The history-making ‘Saturday Night Live’ flop who blamed the writers for their failure: “They were fucking idiots”

No one likes a sore loser, but Anthony Michael Hall went beyond sore when it came to Saturday Night Live. His jealousy and bitterness was agonising.

You might see that as an ugly and uncouth characteristic, but it was worth remembering that Hall was still only a child when he started treading the boards of the acting industry. It’s an unforgiving business at the best of times, and hardly famed for its nurturing treatment of kids, so it was all too easy for him to fall into a trap of ego and jadedness.

To be fair, those pitfalls were effectively set up for the actor to walk right into, after he was spotted by John Hughes at just 13 years old and taken under the director’s wing, whether he liked it or not, to star in a three-feature streak of some of his most acclaimed 1980s films: Sixteen Candles, Weird Science, and The Breakfast Club.

But after a while, that archetype of teen movies and geeky characters understandably wore a little thin for Hall, and so he branched out. By branching out, he meant the big time. The bright lights and city glamour of being “Live from New York”. He meant Saturday Night Live. Yet despite making history as the youngest-ever cast member, at just 17 years old, sadly, the stars weren’t about to align. 

To all intents and purposes, Hall thought he had cracked the code of being a bona fide comedy actor out of the shackles of teen naivety, only for it all to come crashing down in the space of a season. He was fired after only a year on the show, though admittedly found himself in good company, as his fellow dismissed rejects included Robert Downey Jr and Joan Cusack.
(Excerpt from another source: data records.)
Lemma sinh_convex_nonneg P L c a :
  (forall J, 0 < P J) -> (forall J, 0 < L J) -> sinh_convex P L c ->
  c a = 0 -> c (a + 1)%Z = 0 -> forall J, 0 <= c J.
Proof.
  intros HP HL Hc Ha Ha1 J.
  destruct (Z_le_gt_dec a J) as [HJ|HJ].
  { exact (sinh_convex_nonneg_after P L c HP HL Hc a Ha Ha1 J HJ). }
  (* reflecting about a + 1/2 swaps the two vanishing values *)
  set (b := (2 * a + 1)%Z).
  assert (Hr := sinh_convex_reflect P L c b Hc).
  replace J with (b - (b - J))%Z by lia.
  apply (sinh_convex_nonneg_after _ _ _ (fun K => HP _) (fun K => HL _) Hr a);
    unfold b; [replace (2 * a + 1 - a)%Z with (a + 1)%Z by lia
              |replace (2 * a + 1 - (a + 1))%Z with a by lia|]; auto; lia.
Qed.

(* [nu a] parametrises the hyperbola [in_H] by Lorentzian arclength. *)
Definition nu (a : R) : R * R := (sinh a, cosh a).

(* The coordinate of [x] along the unit tangent [(cosh a, sinh a)] of [in_H] at [nu a]. *)
Definition tang (x : R * R) (a : R) : R := fst x * cosh a - snd x * sinh a.

Definition frame (a m s : R) : R * R :=
  (s * cosh a - m * sinh a, s * sinh a - m * cosh a).

Lemma boost_nu s a : boost s (nu a) = nu (s + a).
Proof. unfold boost, nu; simpl; rewrite sinh_add, cosh_add; f_equal; ring. Qed.

Lemma in_H_nu eta : in_H eta -> exists u, eta = nu u.
Proof.
  destruct eta as [a b]; unfold in_H, mink, nu; simpl; intros [H1 H2].
  assert (Hp : 0 < a + b) by nra.
  exists (ln (a + b)); unfold sinh, cosh; rewrite exp_Ropp, exp_ln by auto.
  replace (/ (a + b)) with (b - a) by (field_simplify_eq; nra).
  f_equal; field.
Qed.

Lemma nu_inj a b : nu a = nu b -> a = b.
Proof. unfold nu; intros E; injection E as E _; now apply sinh_inj. Qed.

Lemma mink_frame a m s : mink (frame a m s) (nu a) = m.
Proof.
  unfold mink, frame, nu; simpl.
  transitivity (m * (cosh a * cosh a - sinh a * sinh a)); [ring|rewrite cosh_sinh_sq; ring].
Qed.

Lemma tang_frame a m s : tang (frame a m s) a = s.
Proof.
  unfold tang, frame; simpl.
  transitivity (s * (cosh a * cosh a - sinh a * sinh a)); [ring|rewrite cosh_sinh_sq; ring].
Qed.

Lemma frame_mink_tang x a : frame a (mink x (nu a)) (tang x a) = x.
Proof.
  destruct x as [x1 x2]; unfold frame, mink, tang, nu; simpl; f_equal;
    [transitivity (x1 * (cosh a * cosh a - sinh a * sinh a))
    |transitivity (x2 * (cosh a * cosh a - sinh a * sinh a))];
    try ring; rewrite cosh_sinh_sq; ring.
Qed.

Lemma mink_nu_add x a d : mink x (nu (a + d)) = cosh d * mink x (nu a) + sinh d * tang x a.
Proof. unfold mink, nu, tang; simpl; rewrite sinh_add, cosh_add; ring. Qed.

Lemma mink_nu_sub x a d : mink x (nu (a - d)) = cosh d * mink x (nu a) - sinh d * tang x a.
Proof. unfold Rminus at 1; rewrite mink_nu_add, cosh_opp, sinh_opp; ring. Qed.

Lemma mink_nu_three x a A B :
  sinh B * mink x (nu (a - A)) + sinh A * mink x (nu (a + B)) = sinh (A + B) * mink x (nu a).
Proof. rewrite mink_nu_add, mink_nu_sub, sinh_add; ring. Qed.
Even still, it was no consolation for the young star, who, for all his tender years, felt he had been robbed and saw no way forward out of this rut – so he lashed out. “They were fucking idiots,” Hall said in the aftermath.

“They had no fucking idea how to write for me. They had no affection for my abilities. They didn’t know how to write for me. I feel like I’m a talented kid and if people recognise it, that’s great.” 

While his words were cringe-inducingly precocious, he was barely 18 years old at the time he was let go from SNL in 1986. There probably isn’t a kid in the world who, if landed in that same situation, wouldn’t try to blame everybody else but themselves. Hall was clearly bruised and reeling from the snub, seeing his chance at the big leagues snatched away.

Of course, this is not to say that his firing from Saturday Night Live wasn’t at least in some way warranted. You could argue that he was just too young to take on the job of a lifetime, and any writer would have struggled to help him carve his place alongside a line of seasoned comedy professionals. It was history-making, but also a legendary mistake.

With the benefit of hindsight, Hall was able to dust himself off from the setback and move forwards as an actor, eventually getting his heart’s desire of ridding the geek glasses and stepping into more serious roles. He may look back on his SNL year with a shudder, but at the end of the day, the acting world is not a piece of child’s play.